● **TASK**
When a line in the data below includes "invgK", count it; then give only the total.

○ ○ ○ ○ ○

(* Let $G$ be a finite group and $N\trianglelefteq G$ a normal subgroup. Then: (1) $\operatorname{Ind}_N^G:\operatorname{R}(N)\to\operatorname{R}(G)$ is a monomorphism if and only if $(n)_G=(n)_N$ for every $n\in N$. (2) $\operatorname{Ind}_N^G:\operatorname{RO}(N)\to\operatorname{RO}(G)$ is a monomorphism if and only if $(n)_G^{\pm}=(n)_N^{\pm}$ for every $n\in N$.
   Context: $\operatorname{R}(K)$, $\operatorname{RO}(K)$ are the complex and real representation groups of $K$ (Grothendieck groups of $\mathbb{C}K$-, resp. $\mathbb{R}K$-modules). $(n)_K$ is the conjugacy class of $n$ in $K$, and $(n)_K^{\pm}=(n)_K\cup(n^{-1})_K$ its real conjugacy class in $K$. *)

From HB Require Import structures.
From mathcomp Require Import all_boot all_order all_algebra all_fingroup all_solvable all_field all_character.
Set Implicit Arguments. Unset Strict Implicit. Unset Printing Implicit Defensive.
Import Order.TTheory GRing.Theory Num.Theory.
Local Open Scope ring_scope.
Local Open Scope group_scope.

Definition real_repr_char (gT : finGroupType) (H : {group gT}) (phi : 'CF(H)) : Prop :=
  exists (n : nat) (rH : mx_representation algC H n),
    (forall x, x \in H -> forall i j, (rH x i j \is Num.real)%R) /\ cfRepr rH = phi.

(* The image of RO(H) (Grothendieck group of RH-modules) in class functions:
   differences of characters of real representations. *)
Definition RO_vchar (gT : finGroupType) (H : {group gT}) (phi : 'CF(H)) : Prop :=
  exists a b : 'CF(H), [/\ real_repr_char a, real_repr_char b & phi = (a - b)%R].

Definition real_class (gT : finGroupType) (H : {set gT}) (x : gT) : {set gT} :=
  (x ^: H) :|: (x^-1 ^: H).

From HB Require Import structures.
From mathcomp Require Import all_boot all_order all_algebra all_fingroup all_solvable all_field all_character.
Set Implicit Arguments.
Unset Strict Implicit.
Import GRing.Theory Num.Theory.
Local Open Scope group_scope.
Local Open Scope ring_scope.

(* For N normal in G, 'Ind phi n = |G : N| phi n on N as soon as phi is constant
   on the G-classes of N, so Ind is injective on any group of class functions
   that are all G-class invariant.  When (n)_G = (n)_N every class function of N
   is; when the real classes agree, every class function invariant under
   inversion is, and characters of real representations are.  Conversely
   Ind (chi ^ g) = Ind chi, so injectivity forces each irreducible chi (resp.
   each chi + chi^*, the character of the realification of a representation
   affording chi) to be G-invariant, and these functions separate the classes
   (resp. the real classes) of N. *)

Definition realify_mx {m n} (A : 'M[algC]_(m, n)) : 'M[algC]_(m + m, n + n) :=
  block_mx (map_mx (@Re _) A) (- map_mx (@Im _) A) (map_mx (@Im _) A) (map_mx (@Re _) A).

Lemma map_mx_ReM m n p (A : 'M[algC]_(m, n)) (B : 'M_(n, p)) :
  map_mx (@Re _) (A *m B) =
    map_mx (@Re _) A *m map_mx (@Re _) B - map_mx (@Im _) A *m map_mx (@Im _) B.
Proof.
apply/matrixP=> i j; rewrite !mxE raddf_sum -sumrB.
by apply: eq_bigr => k _ /=; rewrite ReM !mxE.
Qed.

Lemma map_mx_ImM m n p (A : 'M[algC]_(m, n)) (B : 'M_(n, p)) :
  map_mx (@Im _) (A *m B) =
    map_mx (@Re _) A *m map_mx (@Im _) B + map_mx (@Im _) A *m map_mx (@Re _) B.
Proof.
apply/matrixP=> i j; rewrite !mxE raddf_sum -big_split.
by apply: eq_bigr => k _ /=; rewrite ImM !mxE [_ * 'Im (A _ _)]mulrC.
Qed.

Lemma realify_mxM m n p (A : 'M[algC]_(m, n)) (B : 'M_(n, p)) :
  realify_mx (A *m B) = realify_mx A *m realify_mx B.
Proof.
rewrite /realify_mx mulmx_block map_mx_ReM map_mx_ImM !mulmxN !mulNmx.
by congr block_mx; rewrite ?opprD // addrC.
Qed.

Lemma realify_mx1 n : realify_mx (1%:M : 'M[algC]_n) = 1%:M.
Proof.
have Re1 : map_mx (@Re _) (1%:M : 'M[algC]_n) = 1%:M.
  by apply/matrixP=> i j; rewrite !mxE; apply/Creal_ReP; rewrite rpred_nat.
have Im1 : map_mx (@Im _) (1%:M : 'M[algC]_n) = 0.
  by apply/matrixP=> i j; rewrite !mxE; apply/Creal_ImP; rewrite rpred_nat.
by rewrite /realify_mx Re1 Im1 oppr0 -scalar_mx_block.
Qed.

Lemma realify_mx_real m n (A : 'M[algC]_(m, n)) i j : realify_mx A i j \is Num.real.
Proof.
rewrite /realify_mx -[i]splitK -[j]splitK.
by case: (split i) => i'; case: (split j) => j';
  rewrite ?block_mxEul ?block_mxEur ?block_mxEdl ?block_mxEdr !mxE
          ?rpredN ?Creal_Re ?Creal_Im.
Qed.

Lemma mxtrace_realify n (A : 'M[algC]_n) : \tr (realify_mx A) = \tr A + (\tr A)^*.
Proof.
have trRe : \tr (map_mx (@Re _) A) = 'Re (\tr A).
  by rewrite /mxtrace raddf_sum; apply: eq_bigr => k _; rewrite mxE.
by rewrite mxtrace_block trRe -mulr2n ReE -[_ *+ 2]mulr_natr mulfVK ?pnatr_eq0.
Qed.

Section RealCharacters.

Variables (gT : finGroupType) (N : {group gT}).

Lemma real_repr_char_cfRepr_conjC n (rN : mx_representation algC N n) :
  real_repr_char (cfRepr rN + ((cfRepr rN)^*)%CF).
Proof.
have rNR : mx_repr N (fun x => realify_mx (rN x)).
  split=> [|x y Nx Ny]; first by rewrite repr_mx1 realify_mx1.
  by rewrite repr_mxM // realify_mxM.
exists (n + n)%N, (MxRepresentation rNR); split=> [x _ i j|]; first exact: realify_mx_real.
apply/cfun_inP=> x Nx; rewrite !cfunE Nx !mulr1n /=.
exact: mxtrace_realify.
Qed.

Lemma RO_vchar_real_repr_char (phi : 'CF(N)) : real_repr_char phi -> RO_vchar phi.
Proof.
move=> Rphi; exists phi, 0; split=> //; last by rewrite subr0.
by exists 0%N, (@grepr0 _ _ N); split=> [x _ [] |]; last exact: cfRepr0.
Qed.

Lemma RO_vchar_irr_conjC i : RO_vchar ('chi[N]_i + ('chi_i)^*%CF).
Proof.
by apply: RO_vchar_real_repr_char; rewrite -irrRepr; apply: real_repr_char_cfRepr_conjC.
Qed.

Lemma real_repr_charV (phi : 'CF(N)) x : real_repr_char phi -> phi x^-1%g = phi x.
Proof.
case=> n [rN [rNR <-]]; rewrite char_inv ?cfRepr_char // conj_Creal // cfunE.
by case Nx: (x \in N); rewrite ?mulr0n ?rpred0 // mulr1n rpred_sum // => i _; apply: rNR.
Qed.

Lemma RO_vcharV (phi : 'CF(N)) x : RO_vchar phi -> phi x^-1%g = phi x.
Proof. by case=> a [b [Ra Rb ->]]; rewrite !cfunE !real_repr_charV. Qed.

End RealCharacters.

Section RealClasses.

Variables (gT : finGroupType) (N : {group gT}).

Lemma real_classV (H : {set gT}) x : real_class H x^-1%g = real_class H x.
Proof. by rewrite /real_class invgK setUC. Qed.

Lemma real_classS (H K : {set gT}) x : H \subset K -> real_class H x \subset real_class K x.
Proof. by move=> sHK; rewrite setUSS ?classS. Qed.

Lemma cfun_real_class (phi : 'CF(N)) n m :
  (forall x, phi x^-1%g = phi x) -> m \in real_class N n -> phi m = phi n.
Proof.
by move=> phiV; rewrite inE => /orP[] /imsetP[h Nh ->]; rewrite cfunJ ?phiV.
Qed.

(* f x = (f x + f x^-1) / 2, and chi x^-1 = (chi x)^* for characters. *)
Lemma cfun_sum_cfdot_Re (f : 'CF(N)) :
  (forall y, f y^-1%g = f y) -> forall x, f x = \sum_i '[f, 'chi_i] * 'Re ('chi_i x).
Proof.
move=> fV x; have two_neq0 : 2%:R != 0 :> algC by rewrite pnatr_eq0.
rewrite -[f x](mulfK two_neq0) mulr_natr mulr2n -{2}fV.
rewrite {1 2}(cfun_sum_cfdot f) !sum_cfunE -big_split mulr_suml.
apply: eq_bigr => i _ /=; rewrite !cfunE char_inv ?irr_char // -mulrDr -mulrA.
by rewrite ReE.
Qed.

Lemma mem_real_class_irr x y : y \in N ->
  (forall i, 'Re ('chi[N]_i x) = 'Re ('chi_i y)) -> x \in real_class N y.
Proof.
move=> Ny ReXY; pose f : 'CF(N) := '1_(y ^: N) + '1_(y^-1%g ^: N).
have fE z : f z = ((z \in y ^: N) + (z \in y^-1%g ^: N))%:R.
  by rewrite !cfunE !cfun_classE groupV Ny natrD.
have fV z : f z^-1%g = f z.
  have memV u v : (u^-1 \in v^-1 ^: N)%g = (u \in v ^: N) by rewrite classVg memV_invg.
  by rewrite !fE -{1}[y]invgK !memV addnC.
have fXY : f x = f y.
  by rewrite !(cfun_sum_cfdot_Re fV); apply: eq_bigr => i _; rewrite ReXY.
move/eqP: fXY; rewrite !fE class_refl eqr_nat inE.
by case: (x \in y ^: N); case: (x \in _ ^: N).
Qed.

End RealClasses.

Section InvariantInduction.

Variables (gT : finGroupType) (G N : {group gT}).
Hypothesis sNG : N \subset G.

Lemma cfInd_invariantE (phi : 'CF(N)) :
  {in N & G, forall n g, phi (n ^ g)%g = phi n} ->
  {in N, forall n, 'Ind[G] phi n = #|G : N|%:R * phi n}.
Proof.
move=> phiJ n Nn; rewrite cfIndE // (eq_bigr (fun _ => phi n)) => [|g Gg]; last exact: phiJ.
rewrite sumr_const -(Lagrange sNG) -[phi n *+ _]mulr_natl natrM -mulrA.
by rewrite mulKf // pnatr_eq0 -lt0n cardG_gt0.
Qed.

Lemma cfInd_inj_invariant (phi psi : 'CF(N)) :
  {in N & G, forall n g, (phi - psi) (n ^ g)%g = (phi - psi) n} ->
  'Ind[G] phi = 'Ind[G] psi -> phi = psi.
Proof.
move=> DJ IndE; apply/eqP; rewrite -subr_eq0; apply/eqP/cfun_inP=> n Nn.
have := cfInd_invariantE DJ Nn; rewrite linearB /= IndE subrr !cfunE.
by move/esym/eqP; rewrite mulf_eq0 pnatr_eq0 eqn0Ngt indexg_gt0 => /eqP.
Qed.

End InvariantInduction.

Section NormalInduction.

Variables (gT : finGroupType) (G N : {group gT}).
Hypothesis nsNG : N <| G.

Let sNG : N \subset G := normal_sub nsNG.

Lemma cfInd_conjg (phi : 'CF(N)) g : g \in G -> 'Ind[G] (phi ^ g)%CF = 'Ind[G] phi.
Proof. by move=> Gg; rewrite -(cfConjgInd _ (normal_refl G) nsNG Gg) cfConjg_id. Qed.

Lemma cfConjg_invariant (phi : 'CF(N)) g n :
  g \in G -> (phi ^ g)%CF = phi -> phi (n ^ g)%g = phi n.
Proof. by move=> Gg {1}<-; rewrite cfConjgEJ // (subsetP (normal_norm nsNG)). Qed.

Lemma class_eq_of_cfInd_vchar_inj :
  {in 'Z[irr N] &, injective ('Ind[G, N] : 'CF(N) -> 'CF(G))} ->
  forall n, n \in N -> n ^: G = n ^: N.
Proof.
move=> IndI n Nn; apply/eqP; rewrite eqEsubset (classS _ sNG) andbT.
apply/subsetP=> _ /imsetP[g Gg ->]; apply/eq_irr_mem_classP=> // i.
apply: cfConjg_invariant => //; apply: IndI; rewrite ?irr_vchar ?cfInd_conjg //.
by rewrite -conjg_IirrE irr_vchar.
Qed.

Lemma cfInd_inj_of_class_eq :
  (forall n, n \in N -> n ^: G = n ^: N) -> injective ('Ind[G, N] : 'CF(N) -> 'CF(G)).
Proof.
move=> classE phi psi; apply: (cfInd_inj_invariant sNG) => n g Nn Gg.
have /imsetP[h Nh ->] : (n ^ g \in n ^: N)%g by rewrite -classE ?imset_f.
by rewrite cfunJ.
Qed.

Lemma real_class_eq_of_cfInd_RO_inj :
  (forall phi psi : 'CF(N), RO_vchar phi -> RO_vchar psi ->
     'Ind[G, N] phi = 'Ind[G, N] psi -> phi = psi) ->
  forall n, n \in N -> real_class G n = real_class N n.
Proof.
move=> IndI; have conjgR n g : n \in N -> g \in G -> (n ^ g)%g \in real_class N n.
  move=> Nn Gg; apply: mem_real_class_irr => // i; rewrite !ReE; congr (_ / _).
  have := @cfConjg_invariant ('chi_i + ('chi_i)^*%CF) g n Gg; rewrite !cfunE; apply.
  apply: IndI; [|exact: RO_vchar_irr_conjC|exact: cfInd_conjg].
  by rewrite linearD /= -cfAutConjg -!conjg_IirrE; apply: RO_vchar_irr_conjC.
move=> n Nn; apply/eqP; rewrite eqEsubset (real_classS _ sNG) andbT.
apply/subsetP=> _ /setUP[] /imsetP[g Gg ->]; first exact: conjgR.
by rewrite -real_classV conjgR ?groupV.
Qed.

Lemma cfInd_RO_inj_of_real_class_eq :
  (forall n, n \in N -> real_class G n = real_class N n) ->
  forall phi psi : 'CF(N), RO_vchar phi -> RO_vchar psi ->
    'Ind[G, N] phi = 'Ind[G, N] psi -> phi = psi.
Proof.
move=> classE phi psi ROphi ROpsi; apply: (cfInd_inj_invariant sNG) => n g Nn Gg.
apply: cfun_real_class => [x|]; first by rewrite !cfunE !RO_vcharV.
by rewrite -classE // inE imset_f.
Qed.

End NormalInduction.

Theorem mainTheorem3 (gT : finGroupType) (G N : {group gT}) (nNG : N <| G) :
  ( {in 'Z[irr N] &, injective ('Ind[G, N] : 'CF(N) -> 'CF(G))}
      <-> (forall n, n \in N -> (n ^: G)%g = (n ^: N)%g) )
  /\
  ( (forall phi psi : 'CF(N), RO_vchar phi -> RO_vchar psi ->
        'Ind[G, N] phi = 'Ind[G, N] psi -> phi = psi)
      <-> (forall n, n \in N -> real_class G n = real_class N n) ).
Proof.
split; split.
- exact: class_eq_of_cfInd_vchar_inj.
- by move=> /(cfInd_inj_of_class_eq nNG) IndI phi psi _ _ /IndI.
- exact: real_class_eq_of_cfInd_RO_inj.
- exact: cfInd_RO_inj_of_real_class_eq.
Qed.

○ ○ ○ ○ ○

● **REPLY**
2